The code generated by XJC allows to :
  • Unmarshal XML content into a Java representation
  • Access and update the Java representation
  • Marshal the Java representation of the XML content into XML content

For example, the following XML-Schema (tinyseq.xsd) describes a TinySeq-XML document returned by the NCBI.

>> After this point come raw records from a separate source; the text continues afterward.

(* Let $P$ be a continuous poset. Then (i) $\overline{k[U]}\cong k[\mathrm{Int}\,U]$ for every up-set $U\subseteq P$, where $\mathrm{Int}$ is the interior in the Scott topology; (ii) $\overline{k[D]}\cong k[\mathrm{cl}\,D]$ for every down-set $D\subseteq P$, where $\mathrm{cl}$ is the closure in the Scott topology. For $P=\mathbb R^n$ with the componentwise order one also has (iii) $\underline{k[U]}\cong k[\mathrm{cl}^s U]$ for every up-set $U\subseteq\mathbb R^n$ and (iv) $\underline{k[D]}\cong k[\mathrm{Int}^s D]$ for every down-set $D\subseteq\mathbb R^n$, where $\mathrm{cl}^s$, $\mathrm{Int}^s$ denote closure and interior in the standard Euclidean topology.
   Context: Let $P$ be a poset (as a category, $p\to q$ iff $p\le q$). A subset is directed if nonempty and any two elements have an upper bound in it. $x\ll y$ means: for every directed $D$ whose supremum exists with $y\le\sup D$, some $d\in D$ satisfies $x\le d$. $P$ is continuous if for each $p$ the set $\{x:x\ll p\}$ is directed with supremum $p$ ($\mathbb R^n$ with componentwise order is continuous, with $x\ll y$ iff $x_i<y_i$ for all $i$). A set $U$ is Scott-open if it is an up-set meeting every directed set whose supremum exists and lies in $U$. $k$ is a commutative ring with unity; persistence modules are functors from $P$ to $k$-modules. For a convex $I\subseteq P$ (i.e. $x,z\in I$, $x\le y\le z$ imply $y\in I$), the indicator module $k[I]$ has $k[I]_p=k$ for $p\in I$ and $0$ otherwise, with identity internal maps between points of $I$ and zero otherwise. $\underline M_p=\varprojlim_{x\gg p}M_x$, $\overline M_p=\varinjlim_{x\ll p}M_x$. *)

From HB Require Import structures.
From mathcomp Require Import all_boot all_order all_algebra.
From mathcomp Require Import all_classical all_reals all_analysis.
Set Implicit Arguments. Unset Strict Implicit. Unset Printing Implicit Defensive.
Import Order.TTheory GRing.Theory Num.Theory.
Import numFieldNormedType.Exports.
Local Open Scope classical_set_scope.
Local Open Scope ring_scope.
Lemma GGD j (g h : FamP P) : eqT (GG j (addP g h)) (addT (GG j g) (GG j h)).
Proof.
split; first by rewrite /= barD.
by rewrite /= DeltaD compEDl => l i l2 i2 v; rewrite /addE /scaleE !scalerDr.
Qed.

Lemma FF_GG j (g : FamP P) : FF (GG j g) = g.
Proof. by apply: famP_ext => i i2 v; rewrite /FF /= bar_00. Qed.

Lemma FG_homotopic j (g : FamP P) : exists h : FamP P, inP n (j - 1) h /\
  eqP' (addP (FF (GG j g)) (scaleP (-1) g)) (deltaP n d (j - 1) h).
Proof.
exists (zeroP P); split; first by split=> // i i'; exact: linear0.
by move=> i i2 v; rewrite FF_GG deltaP0 /addP /scaleP scaleN1r subrr.
Qed.

Lemma GG_one : eqT (GG 0 (idFamP n P)) (oneT n P).
Proof.
have hid : inP n 0 (idFamP n P) by apply: inP_bar; rewrite bar_idFamP; exact: idE_inE.
split; first by rewrite /= bar_idFamP.
rewrite /= (Delta_gcomm hid) bar_idFamP /gcomm (compE_idr dQoff_inE).
rewrite (compE_idl (inE_supp dQoff_inE)) sgnZ0.
have -> : addE dQoff (scaleE (- 1) dQoff) = zeroE P.
  by apply: famE_ext => l i l2 i2 v; rewrite /addE /scaleE scaleN1r subrr.
by rewrite compE0l => l i l2 i2 v; rewrite /scaleE scaler0.
Qed.

Lemma GGM j j' (g h : FamP P) : inP n j g -> inP n j' h ->
  eqT (GG (j + j') (compP j' g h)) (mulT n j' (GG j g) (GG j' h)).
Proof.
move=> hg hh; have hbg := bar_inE hg; have hDg := Delta_inE hg.
have hgh : inP n (j + j') (compP j' g h).
  by apply: inP_bar; rewrite (barM hg hh); exact: inE_comp hbg (bar_inE hh).
split; first by rewrite /= (barM hg hh).
rewrite /= (Delta_gcomm hgh) (barM hg hh) (gcommM (inE_lin dQoff_inE) (inE_lin hbg)).
rewrite -(Delta_gcomm hg) -(Delta_gcomm hh) compEDl compEZl.
have eX : compE n (- n%:Z) (compE n j' (Delta d alpha beta j g) (bar n j' h)) (tau n P) =
    scaleE (sgnZ R (n%:Z * j'))
      (compE n j' (compE n (- n%:Z) (Delta d alpha beta j g) (tau n P)) (bar n j' h)).
  rewrite (compEA (inE_maps0 hDg)) (compE_bar_tau hh) (compEZr (inE_lin hDg)).
  by rewrite (compEA (inE_maps0 hDg)) (addrC j').
have eY : compE n (- n%:Z) (compE n (j' + 1) (bar n j g) (Delta d alpha beta j' h)) (tau n P) =
    compE n (j' - n%:Z + 1) (bar n j g) (compE n (- n%:Z) (Delta d alpha beta j' h) (tau n P)).
  by rewrite (compEA (inE_maps0 hbg)) (_ : j' + 1 + - n%:Z = j' - n%:Z + 1) //; ring.
rewrite eX eY (compEZr (inE_lin hbg)) compEZl => l i l2 i2 v; rewrite /addE /scaleE.
rewrite scalerDr !scalerA addrC; congr (_ + _).
  by rewrite sgnZD commr_sgnZ -mulrA sgnZ_sqr mulr1.
by rewrite -!sgnZD (_ : j + j' + n%:Z * j' = j' * (n%:Z + 1) + j) //; ring.
Qed.

Section Homotopy.
Variables (j : int) (x y : FamE P).
Hypothesis ht : inT n j (x, y).
Hypothesis closed : Defs.eqE (xiT j (x, y)).1 (zeroE P).

Let hx : Defs.inE n j x. Proof. by case: ht => -[]. Qed.
Let hy : Defs.inE n (j - n%:Z + 1) y. Proof. by case: ht => _ []. Qed.
Let px : periodic (sgnZ R (n%:Z * j)) x.
Proof. by case: ht => -[_ sx] _; exact: (proj1 (sigma_commP _ hx)). Qed.

Let u := addE (bar n j (restr0 x)) (scaleE (-1) x).

Lemma deltaP_restr0_closed : deltaP n d j (restr0 x) = zeroP P.
Proof.
have [_ [_ eF]] := F_chain_map ht.
by apply: famP_ext => i i2 v; rewrite -[restr0 x]/(FF (x, y)) -eF; exact: closed.
Qed.

Lemma gcomm_dQ_closed : gcomm dQ j x = scaleE (sgnZ R j) (compE n n%:Z y (sigma n P)).
Proof.
apply: famE_ext => l i l2 i2 v; have := closed l i l2 i2 v.
rewrite /= /addE /scaleE /zeroE deltaE_gcomm => /eqP; rewrite addr_eq0 => /eqP ->.
by rewrite scaleNr opprK.
Qed.

Lemma restr0_inP : inP n j (restr0 x).
Proof. by have [_ []] := F_chain_map ht. Qed.

Lemma closed_inE : Defs.inE n j u.
Proof. exact: inE_add (bar_inE restr0_inP) (inE_scale (@commN1r _) hx). Qed.

Lemma closed_periodic : periodic (sgnZ R (n%:Z * j)) u.
Proof. exact: periodicD (bar_periodic _ _) (periodicZ (@commN1r _) px). Qed.

Lemma closed_kills_copy0 : kills_copy0 u.
Proof.
move=> i [|L] i2 v; rewrite /u /addE /scaleE.
  by rewrite bar_00 scaleN1r subrr.
by rewrite /bar /= (periodic_stable_copy0 px) scaler0 addr0.
Qed.

Let z := scaleE (sgnZ R j) (compE n (- n%:Z) u (tau n P)).

Lemma homotopy_inT : inT n (j - 1) (zeroE P, z).
Proof.
have hz : Defs.inE n (j - 1 - n%:Z + 1) z.
  apply: inE_scale; first exact: commr_sgnZ.
  by rewrite (_ : j - 1 - n%:Z + 1 = j + - n%:Z); [exact: inE_comp closed_inE tau_inE | ring].
split; first by split; [exact: inE_zero | exact: sigma_comm0].
split=> //; apply: (proj2 (sigma_commP _ hz)).
rewrite (_ : j - 1 - n%:Z + 1 + 1 = j - n%:Z + 1); last by ring.
rewrite sgnZ_mul_shift; apply: periodicZ; first exact: commr_sgnZ.
exact: periodic_tau closed_inE closed_periodic closed_kills_copy0.
Qed.

Lemma homotopy_eq : eqT (subT (GG j (restr0 x)) (x, y)) (xiT (j - 1) (zeroE P, z)).
Proof.
split.
  rewrite /= deltaE_gcomm (gcomm0 (inE_maps0 dQ_inE)) compEZl.
  rewrite (compE_tau_sigma closed_inE closed_kills_copy0) => l i l2 i2 v.
  rewrite /addE /scaleE /zeroE add0r scalerA sgnZB sgnZ1.
  by rewrite mulrN1 opprK sgnZ_sqr scale1r.
rewrite /= deltaE_gcomm (_ : j - 1 - n%:Z + 1 = j + - n%:Z); last by ring.
rewrite (gcommZ dQ_lin (@commr_sgnZ _ j)) (gcommM dQ_lin (inE_lin closed_inE)).
rewrite (compE_kills_copy0_into_copy0 closed_kills_copy0
  (gcomm_tau_into_copy0 dQ_inE dQ_periodic) (inE_maps0 closed_inE)).
rewrite /u (gcommD dQ_lin) (gcommZ dQ_lin (@commN1r _)) gcomm_dQ_closed.
rewrite /Delta deltaP_restr0_closed bar0 deltaE_gcomm !compEDl !compEZl compE0l.
rewrite (compE_sigma_tau hy).
move=> l i l2 i2 v; rewrite /addE /scaleE /zeroE !scaler0 !addr0 !scalerDr !scalerA.
by congr (_ + _); rewrite mulrN1 mulNr sgnZ_sqr.
Qed.

End Homotopy.

Lemma GF_homotopic {j} {t : FamT P} : inT n j t -> eqT (xiT j t) (zeroT P) ->
  exists z : FamT P, inT n (j - 1) z /\ eqT (subT (GG j (FF t)) t) (xiT (j - 1) z).
Proof.
case: t => x y ht [closed _]; eexists; split; first exact: homotopy_inT ht.
exact: homotopy_eq ht closed.
Qed.

End Resolution.

End Families.

Theorem theorem3p6 (k : fieldType) (Gamma : algType k) (n : nat)
  (M : lmodType (Gamma^c)) (P : nat -> lmodType (Gamma^c))
  (d : forall i : nat, P i -> P i.-1) (alpha : P 0%N -> M) (beta : M -> P n.-1) :
  (0 < n)%N ->
  (forall i, (i < n)%N -> fg_projective (P i)) ->
  (forall i, (0 < i < n)%N -> linear (d i)) -> linear alpha -> linear beta ->
  exact_resolution d alpha beta ->
  (* F is a well-defined morphism of complexes T -> End(P) *)
  (forall (j : int) (t : FamT P), inT n j t ->
     (forall i l' i' (v : P i), (0 < l')%N -> t.1 0%N i l' i' v = 0) /\
     inP n j (FF t) /\
     eqP' (FF (xiT d alpha beta j t)) (deltaP n d j (FF t))) /\
  (forall t s : FamT P, eqP' (FF (addT t s)) (addP (FF t) (FF s))) /\
  (* G is a well-defined morphism of complexes End(P) -> T *)
  (forall (j : int) (g : FamP P), inP n j g ->
     inT n j (GG d alpha beta j g) /\
     eqT (GG d alpha beta (j + 1) (deltaP n d j g)) (xiT d alpha beta j (GG d alpha beta j g))) /\
  (forall (j : int) (g h : FamP P),
     eqT (GG d alpha beta j (addP g h)) (addT (GG d alpha beta j g) (GG d alpha beta j h))) /\
  (* F and G induce mutually inverse maps on cohomology *)
  (forall (j : int) (t : FamT P), inT n j t -> eqT (xiT d alpha beta j t) (zeroT P) ->
     exists z : FamT P, inT n (j - 1) z /\
       eqT (subT (GG d alpha beta j (FF t)) t) (xiT d alpha beta (j - 1) z)) /\
  (forall (j : int) (g : FamP P), inP n j g -> eqP' (deltaP n d j g) (zeroP P) ->
     exists h : FamP P, inP n (j - 1) h /\
       eqP' (addP (FF (GG d alpha beta j g)) (scaleP (-1) g)) (deltaP n d (j - 1) h)) /\
  (* G is a morphism of DG algebras *)
  eqT (GG d alpha beta 0 (idFamP n P)) (oneT n P) /\
  (forall (j j' : int) (g h : FamP P), inP n j g -> inP n j' h ->
     eqT (GG d alpha beta (j + j') (compP j' g h))
         (mulT n j' (GG d alpha beta j g) (GG d alpha beta j' h))).
Proof.
move=> n_gt0 _ d_lin alpha_lin beta_lin resolution.
split; first by move=> j t ht; apply: F_chain_map.
split; first by [].
split; first by move=> j g hg; apply: G_chain_map.
split; first by move=> j g h; apply: GGD.
split; first by move=> j t ht closed; apply: GF_homotopic.
split; first by move=> j g _ _; apply: FG_homotopic.
split; first exact: GG_one.
by move=> j j' g h hg hh; apply: GGM.
Qed.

<?xml version="1.0" encoding="UTF-8"?>
<xs:schema xmlns:xs="http://www.w3.org/2001/XMLSchema">
  <xs:annotation>
    <xs:documentation> XML schema for NCBI tinyseq format</xs:documentation>
  </xs:annotation>
  <xs:complexType name="TSeqSet_t">
    <xs:annotation>
      <xs:documentation>Set of sequences</xs:documentation>
    </xs:annotation>
    <xs:sequence>
      <xs:element ref="TSeq" maxOccurs="unbounded"/>
    </xs:sequence>
  </xs:complexType>
  <xs:complexType name="TSeq_t">
    <xs:annotation>
      <xs:documentation>A Tiny Sequence</xs:documentation>
    </xs:annotation>
    <xs:sequence>
      <xs:element name="TSeq_seqtype">
        <xs:complexType>
          <xs:attribute name="value">
            <xs:simpleType>
              <xs:restriction base="xs:string">
                <xs:enumeration value="nucleotide"/>
                <xs:enumeration value="protein"/>
              </xs:restriction>
            </xs:simpleType>
          </xs:attribute>
        </xs:complexType>
      </xs:element>
      <xs:element name="TSeq_gi" type="xs:long"/>
      <xs:element name="TSeq_accver" type="xs:string"/>
      <xs:element name="TSeq_sid" type="xs:string"/>
      <xs:element name="TSeq_taxid" type="xs:long"/>
      <xs:element name="TSeq_orgname" type="xs:string"/>
      <xs:element name="TSeq_defline" type="xs:string"/>
      <xs:element name="TSeq_length" type="xs:nonNegativeInteger"/>
      <xs:element name="TSeq_sequence" type="xs:string"/>
    </xs:sequence>
  </xs:complexType>
  <xs:element name="TSeqSet" type="TSeqSet_t"/>
  <xs:element name="TSeq" type="TSeq_t"/>
</xs:schema>

This xml-schema can be compiled with XJC:

${JAVA_HOME}/bin/xjc -d . -p generated tinyseq.xsd
parsing a schema...
compiling a schema...
generated/ObjectFactory.java
generated/TSeqSetT.java
generated/TSeqT.java

$ more generated/TSeqT.java

package generated;
(...)
@XmlAccessorType(XmlAccessType.FIELD)
@XmlType(name = "TSeq_t", propOrder = {  "tSeqSeqtype",  "tSeqGi",  "tSeqAccver","tSeqSid",(...),"tSeqSequence"})
public class TSeqT {
    @XmlElement(name = "TSeq_seqtype", required = true)
    protected TSeqT.TSeqSeqtype tSeqSeqtype;
    @XmlElement(name = "TSeq_gi")
    protected long tSeqGi;
    @XmlElement(name = "TSeq_accver", required = true)
    protected String tSeqAccver;
    @XmlElement(name = "TSeq_sid", required = true)
    protected String tSeqSid;
    @XmlElement(name = "TSeq_taxid")
    protected long tSeqTaxid;
    @XmlElement(name = "TSeq_orgname", required = true)
    protected String tSeqOrgname;
    @XmlElement(name = "TSeq_defline", required = true)
    protected String tSeqDefline;
    @XmlElement(name = "TSeq_length", required = true)
    @XmlSchemaType(name = "nonNegativeInteger")
    protected BigInteger tSeqLength;
    @XmlElement(name = "TSeq_sequence", required = true)
    protected String tSeqSequence;
(...)
    }

But XJC doesn't know how to generate some classical java functions like 'hashCode', 'equals' or 'toString' or to add some custom methods to your classes.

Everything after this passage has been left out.